If you're using Google Colab, you need to mount your drive using the cell below. Otherwise you can skip this.

In [3]:
from google.colab import drive
drive.mount('/content/drive', force_remount=True)

Mounted at /content/drive


You must set the variable PATH to the directory containing this file. It will probably look like the below path if you cloned the https://github.com/alexjfoote/reetoolbox-tutorials repo to your Google Drive.

In [4]:
PATH = "/content/drive/My Drive/reetoolbox-tutorials"

Import some useful functions

In [7]:
from reetoolbox.utils import load_resnet, load_pannuke, get_dataloader

Define the device we're using and the class names

In [8]:
import torch

device = torch.device("cuda:0" if torch.cuda.is_available() else "cpu")
classes = ["Negative", "Positive"]

Load the PanNuke dataset (see https://jgamper.github.io/PanNukeDataset/,  J. Gamper, N. A. Koohbanani, K. Benet, A. Khuram, and N. Rajpoot,
“PanNuke: An Open Pan-Cancer Histology Dataset for Nuclei Instance
Segmentation and Classification,” in Digital Pathology, pp. 11–19,
Springer, Cham, Apr. 2019.)

In [12]:
import os

data_path = os.path.join(PATH, "Data/breast_folds.npz")
Xtr, ytr, Xts, yts = load_pannuke(data_path)

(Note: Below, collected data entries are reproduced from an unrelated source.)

(** * Infinite domains are Dedekind-infinite *)

Lemma fresh_of_at_least T (l : list T) : at_least (S (length l)) T -> exists d, ~ In d l.
Proof.
  intros [ds Hds]; apply NNPP; intros Hnone.
  assert (Hincl : incl (map ds (seq 0 (S (length l)))) l).
  { intros x _; apply NNPP; intros Hx; apply Hnone; exists x; exact Hx. }
  apply NoDup_incl_length in Hincl; [rewrite length_map, length_seq in Hincl; lia |].
  apply Injective_map_NoDup_in; [| apply seq_NoDup].
  intros i j Hi Hj E; apply in_seq in Hi, Hj.
  destruct (Nat.lt_trichotomy i j) as [Hij | [Hij | Hij]]; [| exact Hij |];
    exfalso; [apply (Hds i j) | apply (Hds j i)]; auto; lia.
Qed.

Section FreshSequence.

Variables (T : Type) (fresh : list T -> T).
Hypothesis fresh_not_In : forall l, ~ In (fresh l) l.

Fixpoint fresh_prefix (n : nat) : list T :=
  match n with 0 => [] | S m => fresh (fresh_prefix m) :: fresh_prefix m end.

Lemma fresh_prefix_In i j : i < j -> In (fresh (fresh_prefix i)) (fresh_prefix j).
Proof.
  induction j as [|j IHj]; intros Hij; [lia |]; simpl.
  destruct (Nat.eq_dec i j) as [-> | Hne]; [left; reflexivity | right; apply IHj; lia].
Qed.

Lemma fresh_sequence_injective : Injective (fun n => fresh (fresh_prefix n)).
Proof.
  assert (Hlt : forall i j, i < j -> fresh (fresh_prefix i) <> fresh (fresh_prefix j)).
  { intros i j Hij E; apply (fresh_not_In (fresh_prefix j)); rewrite <- E.
    apply fresh_prefix_In, Hij. }
  intros i j E; destruct (Nat.lt_trichotomy i j) as [Hij | [Hij | Hij]];
    [destruct (Hlt i j Hij E) | exact Hij | destruct (Hlt j i Hij (eq_sym E))].
Qed.

End FreshSequence.

Lemma injection_of_at_least T :
  (forall n, at_least n T) -> exists e : nat -> T, Injective e.
Proof.
  intros Hall.
  destruct (choice (fun (l : list T) d => ~ In d l)) as [fresh Hfresh].
  { intros l; apply fresh_of_at_least, Hall. }
  exists (fun n => fresh (fresh_prefix T fresh n)).
  exact (fresh_sequence_injective T fresh Hfresh).
Qed.

Section Shift.

Variables (T : Type) (e : nat -> T).
Hypothesis e_injective : Injective e.

(* Moves [e k] to [e (S k)] and fixes every point outside the range of [e]. *)
Definition shift (x : T) : T :=
  match excluded_middle_informative (exists k, e k = x) with
  | left H => e (S (proj1_sig (constructive_indefinite_description _ H)))
  | right _ => x
  end.

Lemma shift_cases x :
  (exists k, e k = x /\ shift x = e (S k)) \/ ((forall k, e k <> x) /\ shift x = x).
Proof.
  unfold shift; destruct excluded_middle_informative as [H | H].
  - left; destruct (constructive_indefinite_description _ H) as [k Hk]; eauto.
  - right; split; [intros k Hk; apply H; eauto | reflexivity].
Qed.

Lemma shift_injective : Injective shift.
Proof.
  intros x y E.
  destruct (shift_cases x) as [[k [<- Hx]] | [Hx Hsx]],
           (shift_cases y) as [[l [<- Hy]] | [Hy Hsy]].
  - rewrite Hx, Hy in E; apply e_injective in E; congruence.
  - destruct (Hy (S k)); congruence.
  - destruct (Hx (S l)); congruence.
  - congruence.
Qed.

Lemma shift_neq_e0 x : shift x <> e 0.
Proof.
  destruct (shift_cases x) as [[k [_ Hsx]] | [Hx Hsx]]; rewrite Hsx.
  - intros E; apply e_injective in E; discriminate.
  - intros E; apply (Hx 0); congruence.
Qed.

End Shift.

Lemma dedekind_infinite_of_at_least T : (forall n, at_least n T) ->
  exists (f : T -> T) (d : T), Injective f /\ forall x, f x <> d.
Proof.
  intros Hall; destruct (injection_of_at_least T Hall) as [e He].
  exists (shift T e), (e 0); split; [apply shift_injective | apply shift_neq_e0]; exact He.
Qed.

(** * Eta over Dedekind-infinite and over finite domains *)

Lemma supp_theta_of_eta M (s : state M) g (f : D M -> D M) (d : D M) :
  Injective f -> (forall x, f x <> d) -> supp M s g eta -> supp M s g theta.
Proof.
  intros Hf Hd Heta; apply NNPP; rewrite supp_theta; intros Hth.
  assert (Honto : forall x y, exists w, s w /\ aI M w = x /\ bI M w = y).
  { intros x y; apply NNPP; intros Hn; apply Hth; exists x, y; intros w Hw E.
    apply Hn; exists w; split; [exact Hw | exact E]. }
  set (t := fun w => s w /\ bI M w = f (aI M w)).
  destruct (Heta t (fun w Hw => proj1 Hw)) as [x Hx].
  - split; [| split].
    + apply supp_dep; [exact I | exact I |].
      intros w v [_ Hw] [_ Hv] E; simpl in *; congruence.
    + apply supp_dep; [exact I | exact I |].
      intros w v [_ Hw] [_ Hv] E; simpl in *; apply Hf; congruence.
    + exists d; apply supp_neq; intros w [_ Hw]; simpl; rewrite Hw; apply not_eq_sym, Hd.
  - rewrite supp_neq in Hx.
    destruct (Honto x (f x)) as [w [Hw [Ha Hb]]].
    apply (Hx w); cbn; [split; [exact Hw | congruence] | congruence].
Qed.
Definition Htvec (g : metric) (e : 'I_4 -> vfield) : vfield := fun x k =>
  (2%:R)^-1 *
  ((- gdot g x (nabla g (e 2%:R) (e 2%:R) x) (e 0 x) - gdot g x (nabla g (e 3%:R) (e 3%:R) x) (e 0 x))
     * e 0 x k
   + (gdot g x (nabla g (e 2%:R) (e 2%:R) x) (e 1 x) + gdot g x (nabla g (e 3%:R) (e 3%:R) x) (e 1 x))
     * e 1 x k).

End Spacetime.

From Pilot Require Import Defs.
From HB Require Import structures.
From mathcomp Require Import all_boot all_order all_algebra.
From mathcomp Require Import all_classical all_reals all_analysis.
From mathcomp Require Import ring lra.
Import Order.TTheory GRing.Theory Num.Theory.
Import numFieldNormedType.Exports.
Local Open Scope classical_set_scope.
Local Open Scope ring_scope.

(* For F = u A^flat /\ B^flat with A = e_2, B = e_3, raising
   indices gives F^{mn} = u (A^m B^n - B^m A^n), and the Leibniz rule for
   the covariant divergence yields the identity
        j = div(u B) A - div(u A) B - u [A, B],
   where the Christoffel term Gamma^n_{ml} F^{ml} drops out because the
   Levi-Civita symbols are symmetric in (m, l) while F^{ml} is antisymmetric.
   If span(e_2, e_3) is involutive, [e_2, e_3] lies in that span, hence so
   does j.  On the other hand force-freeness says that j lies in the kernel
   of F, which by hypothesis is spanned by e_0, e_1.  Since the frame is
   orthonormal the two spans meet only in 0, so j = 0.
   The file first proves the calculus facts (locality and Leibniz rule of
   coordinate derivatives), then the algebra of the metric (invertibility,
   raising a wedge of flats), then the divergence identity for a general
   wedge, the orthogonality of the two spans, and finally the corollary. *)

Section Calculus.
Context {R : realType}.
Definition block_labeling (d : nat) (V : {set T}) (e : rel T) (l : T -> 'I_d) : Prop :=
  forall B, is_block V e B -> #|B| <= d /\ {in B &, injective l}.

Definition is_comp (V : {set T}) (e : rel T) (C : {set T}) : Prop :=
  exists2 x, x \in V & C = [set y in V | conn_in e V x y].

(* Aux(G,S) (+) Aux(H,S): vertices are tagged sets
   (0, C) with C a component of G, (1, C) with C a component of H,
   (2, C) with C a component of G[S] = H[S] (shared, i.e. identified);
   a component C1 of G (resp. H) is adjacent to a component C2 of G[S]
   iff C2 is contained in C1. *)
Definition aux_node (VG : {set T}) (eG : rel T) (VH : {set T}) (eH : rel T)
    (S : {set T}) (a : nat * {set T}) : Prop :=
  (a.1 = 0 /\ is_comp VG eG a.2) \/ (a.1 = 1 /\ is_comp VH eH a.2)
  \/ (a.1 = 2 /\ is_comp S eG a.2).

Definition aux_adj0 (a b : nat * {set T}) : bool :=
  ((a.1 == 0) || (a.1 == 1)) && (b.1 == 2) && (b.2 \subset a.2).

Definition aux_adj VG eG VH eH S (a b : nat * {set T}) : Prop :=
  aux_node VG eG VH eH S a /\ aux_node VG eG VH eH S b /\
  (aux_adj0 a b \/ aux_adj0 b a).

Definition aux_sum_acyclic VG eG VH eH S : Prop :=
  ~ exists c : seq (nat * {set T}),
      [/\ 3 <= size c, uniq c &
          forall i, i < size c ->
            aux_adj VG eG VH eH S (nth (0, set0) c i)
                                  (nth (0, set0) c (i.+1 %% size c))].

End Graphs.

(* Let uv be an edge of G (the case of H is symmetric) and B the block of G
   containing it.  B stays biconnected in the sum, so the block F contains B,
   and if F = B the S-edge of F lies in B.  Otherwise F contains a path between
   two distinct vertices p, q of B using no edge inside B.  Let A be the
   component of G containing B.  The path leaves A only through vertices of S,
   and between leaving A at s and re-entering it at s' it joins s to s' in the
   sum outside A; if s and s' were not connected in G[S], then A, the
   component of G[S] containing s, the Aux vertices met along the excursion and
   the component of G[S] containing s' would close a cycle in
   Aux(G,S) (+) Aux(H,S).  Rerouting every excursion through G[S] yields a walk
   of G from p to q whose edges inside B all belong to G[S]; as B is a block of
   G, such a walk has an edge inside B. *)

From mathcomp Require Import all_boot.
Set Implicit Arguments. Unset Strict Implicit. Unset Printing Implicit Defensive.

Lemma path_all_targets (T : Type) (r : rel T) (A : pred T) x s :
  (forall a b, r a b -> A b) -> path r x s -> all A s.
Proof. by move=> rA; elim: s x => //= y s IH x /andP[/rA -> /IH]. Qed.

Section Walks.
Variable T : eqType.
Implicit Types (r : rel T) (A : pred T).

Lemma walk_segments r A (P : rel T) x s :
  reflexive P -> transitive P ->
  (forall a c t, A a -> A c -> ~~ has A t -> path r a (rcons t c) -> P a c) ->
  path r x s -> A x -> A (last x s) -> P x (last x s).
Proof.
move=> reflP transP segP.
elim: {s}_.+1 {-2}s x (ltnSn (size s)) => // n IHn s x.
have [/split_find[c t s' Ac tA] | /hasPn sA] := boolP (has A s); last first.
  by case: s sA => //= y s /(_ (last y s) (mem_last y s)) /negP.
rewrite size_cat size_rcons ltnS cat_path last_cat last_rcons => lt_n /andP[pt ps'] Ax Alast.
apply: (transP c); first exact: segP pt.
by apply: IHn => //; apply: leq_ltn_trans lt_n; rewrite leq_addl.
Qed.

Lemma path_rcons_rev r x s y : symmetric r ->
  path r x (rcons s y) -> path r y (rcons (rev s) x).
Proof.
move=> rsym pth; have := rev_path r x (rcons s y).
rewrite last_rcons belast_rcons rev_cons => ->.
by apply: sub_path pth => a b; rewrite /= rsym.
Qed.
Lemma is_norm_lipschitz h h' :
  `|N h - N h'| <= (\sum_x N (ebasis x)) * \sum_x `|h x - h' x|.
Proof.
have step a a' : N a - N a' <= (\sum_x N (ebasis x)) * \sum_x `|a x - a' x|.
  have -> : N a = N (fun x => (a x - a' x) + a' x).
    by congr N; apply/funext => x; rewrite subrK.
  by rewrite lerBlDr; apply: le_trans (is_normD _ _) _; rewrite lerD2r is_norm_le_l1.
rewrite ler_norml step andbT lerNl opprB.
have -> : \sum_x `|h x - h' x| = \sum_x `|h' x - h x|.
  by apply: eq_bigr => x _; exact: distrC.
exact: step.
Qed.

Lemma is_norm_sub_locally_lipschitz c :
  locally_lipschitz (fun g => N (fun x => c x - g x)).
Proof.
move=> h; exists (\sum_x N (ebasis x)) => h' _.
apply: le_trans (is_norm_lipschitz _ _) _; rewrite ler_wpM2l ?sumr_ge0 //.
  by move=> x _; exact: is_norm_ge0.
apply: ler_sum => x _.
have -> : c x - h x - (c x - h' x) = - (h x - h' x) by lra.
by rewrite normrN.
Qed.
End NormFacts.
Arguments ebasis {R X} x.

Section Box.
Variables (R : realType) (X : finType) (b : X -> R).

Definition in_box (g : X -> R) := forall x, 0 <= g x <= b x.

(* The summand at [x] is twice the distance from [g x] to the interval [[0, b x]]. *)
Definition box_excess (g : X -> R) :=
  \sum_x ((`|g x| - g x) + (`|g x - b x| + g x - b x)).

Lemma box_excess_le0P g : box_excess g <= 0 <-> in_box g.
Proof.
have nrm (a : R) : a <= `|a| /\ - a <= `|a|.
  by split; [exact: ler_norm | rewrite -normrN; exact: ler_norm].
split=> [Hg x | Hg]; last first.
  rewrite /box_excess big1 // => x _; have /andP[gx0 gxb] := Hg x.
  rewrite ger0_norm // ler0_norm ?subr_le0 //; lra.
have t0 y : 0 <= (`|g y| - g y) + (`|g y - b y| + g y - b y).
  by have := nrm (g y); have := nrm (g y - b y); lra.
have excess0 : box_excess g = 0 by apply/le_anti; rewrite Hg sumr_ge0.
have := psumr_eq0P (fun y _ => t0 y) excess0 (i := x) isT.
by have := nrm (g x); have := nrm (g x - b x) => n1 n2 n3; apply/andP; split; lra.
Qed.

Lemma box_excess_locally_lipschitz : locally_lipschitz box_excess.
Proof.
move=> h; exists 2 => h' _.
rewrite /box_excess -sumrB mulr_sumr; apply: le_trans (ler_norm_sum _ _ _) _.
apply: ler_sum => x _.
have := ler_dist_dist (h x) (h' x).
have := ler_dist_dist (h x - b x) (h' x - b x).
have -> : h x - b x - (h' x - b x) = h x - h' x by lra.
set u := `|h x| - `|h' x|; set v := `|h x - b x| - `|h' x - b x|.
move=> hv hu; have -> : `|h x| - h x + (`|h x - b x| + h x - b x) -
   (`|h' x| - h' x + (`|h' x - b x| + h' x - b x)) = u + v by rewrite /u /v; lra.
by apply: le_trans (ler_normD _ _) _; lra.
Qed.
End Box.

Section BoxDistance.
Local Open Scope classical_set_scope.
Variables (R : realType) (X : finType) (N : (X -> R) -> R) (b : X -> R).
Hypotheses (HN : is_norm N) (b_ge0 : forall x, 0 <= b x).

Definition box_dist (c : X -> R) := inf [set N (fun x => c x - g x) | g in in_box b].

Lemma in_box0 : in_box b (fun _ => 0).
Proof. by move=> x; rewrite lexx b_ge0. Qed.

Lemma in_box_le_sum g x : in_box b g -> `|g x| <= \sum_y b y.
Proof.
move=> /(_ x) /andP[gx0 gxb]; rewrite ger0_norm //; apply: le_trans gxb _.
by rewrite (bigD1 x) //= lerDl sumr_ge0.
Qed.

Lemma box_dist_le c g : in_box b g -> box_dist c <= N (fun x => c x - g x).
Proof.
move=> Hg; apply: ge_inf; last by exists g.
by exists 0 => _ [g' _ <-]; exact: is_norm_ge0.
Qed.

Lemma box_dist_attained c : exists2 g, in_box b g & N (fun x => c x - g x) = box_dist c.
Proof.
have box_ne : exists h, box_excess b h <= 0.
  by exists (fun _ => 0); apply/box_excess_le0P; exact: in_box0.
have box_bd h : box_excess b h <= 0 -> forall x, `|h x| <= \sum_y b y.
  by move=> /box_excess_le0P h_box x; exact: in_box_le_sum.
have [g0 [g0_excess g0_min]] := exists_minimizer
  (is_norm_sub_locally_lipschitz HN c) (box_excess_locally_lipschitz b) box_ne box_bd.
move/box_excess_le0P: g0_excess => g0_box.
exists g0 => //; apply/le_anti; rewrite box_dist_le //= andbT.
rewrite /box_dist; apply: lb_le_inf; first by exists (N (fun x => c x - g0 x)), g0.
by move=> _ [g /box_excess_le0P g_box <-]; exact: g0_min.
Qed.

Lemma box_dist_lipschitz c c' : box_dist c <= box_dist c' + N (fun x => c x - c' x).
Proof.
have [g g_box <-] := box_dist_attained c'.
apply: le_trans (box_dist_le c g_box) _.
have -> : (fun x => c x - g x) = (fun x => (c' x - g x) + (c x - c' x)).
  by apply/funext => x; lra.
exact: is_normD.
Qed.

Lemma box_dist_locally_lipschitz : locally_lipschitz box_dist.
Proof.
move=> h; exists (\sum_x N (ebasis x)) => h' _.
have := box_dist_lipschitz h h'; have := box_dist_lipschitz h' h.
have := is_norm_le_l1 HN (fun x => h x - h' x).
have := is_norm_le_l1 HN (fun x => h' x - h x).
have -> : \sum_x `|h' x - h x| = \sum_x `|h x - h' x|.
  by apply: eq_bigr => x _; exact: distrC.
by rewrite ler_norml; move=> *; apply/andP; split; lra.
Qed.

Lemma box_dist_convex c c' t : 0 <= t <= 1 ->
  box_dist (fun x => c x + t * (c' x - c x)) <= (1 - t) * box_dist c + t * box_dist c'.
Proof.
move=> /andP[t0 t1].
have [g g_box <-] := box_dist_attained c; have [g' g'_box <-] := box_dist_attained c'.
have gt_box : in_box b (fun x => g x + t * (g' x - g x)).
  move=> x; have /andP[? ?] := g_box x; have /andP[? ?] := g'_box x.
  by apply/andP; split; nra.
apply: le_trans (box_dist_le _ gt_box) _.
have -> : (fun x => c x + t * (c' x - c x) - (g x + t * (g' x - g x))) =
    (fun x => (1 - t) * (c x - g x) + t * (c' x - g' x)).
  by apply/funext => x; lra.
apply: le_trans (is_normD HN _ _) _.
by rewrite !is_normZ // ger0_norm ?subr_ge0 // ger0_norm.
Qed.
End BoxDistance.

Section Projection.
Variables (R : realType) (X : finType).

Lemma le0_of_quadratic_ge (A D : R) :
  0 <= D -> (forall t, 0 < t <= 1 -> 2 * t * A <= t ^+ 2 * D) -> A <= 0.
Proof.
move=> D0 key; rewrite leNgt; apply/negP => A0.
have D1 : 0 < D + 1 by rewrite ltr_wpDl.
pose t := Num.min 1 (A / (D + 1)).
have t0 : 0 < t by rewrite lt_min ltr01 divr_gt0.
have t1 : t <= 1 by rewrite ge_min lexx.
have tD : t * D <= A.
  apply: le_trans (_ : A / (D + 1) * D <= A); first by rewrite ler_wpM2r // ge_min lexx orbT.
  by rewrite mulrAC ler_pdivrMr //; nra.
have := key t; rewrite t0 t1 => /(_ isT).
by rewrite expr2 -!mulrA [2 * _]mulrC -mulrA ler_pM2l //; lra.
Qed.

Next we split our training data into a train and validation set and create a dictionary containing a training and validation data loader. We also create a dataloader from our test set.

In [13]:
# Create dataloaders for the training loop
batch_size = 16
val_batch_size = batch_size

# Number of epochs to train for
num_epochs = 15

length = int(0.7 * len(Xtr))

train_Xtr = Xtr[:length]
val_Xtr = Xtr[length:]
train_ytr = ytr[:length]
val_ytr = ytr[length:]

train_data = torch.utils.data.TensorDataset(train_Xtr, train_ytr)
val_data = torch.utils.data.TensorDataset(val_Xtr, val_ytr)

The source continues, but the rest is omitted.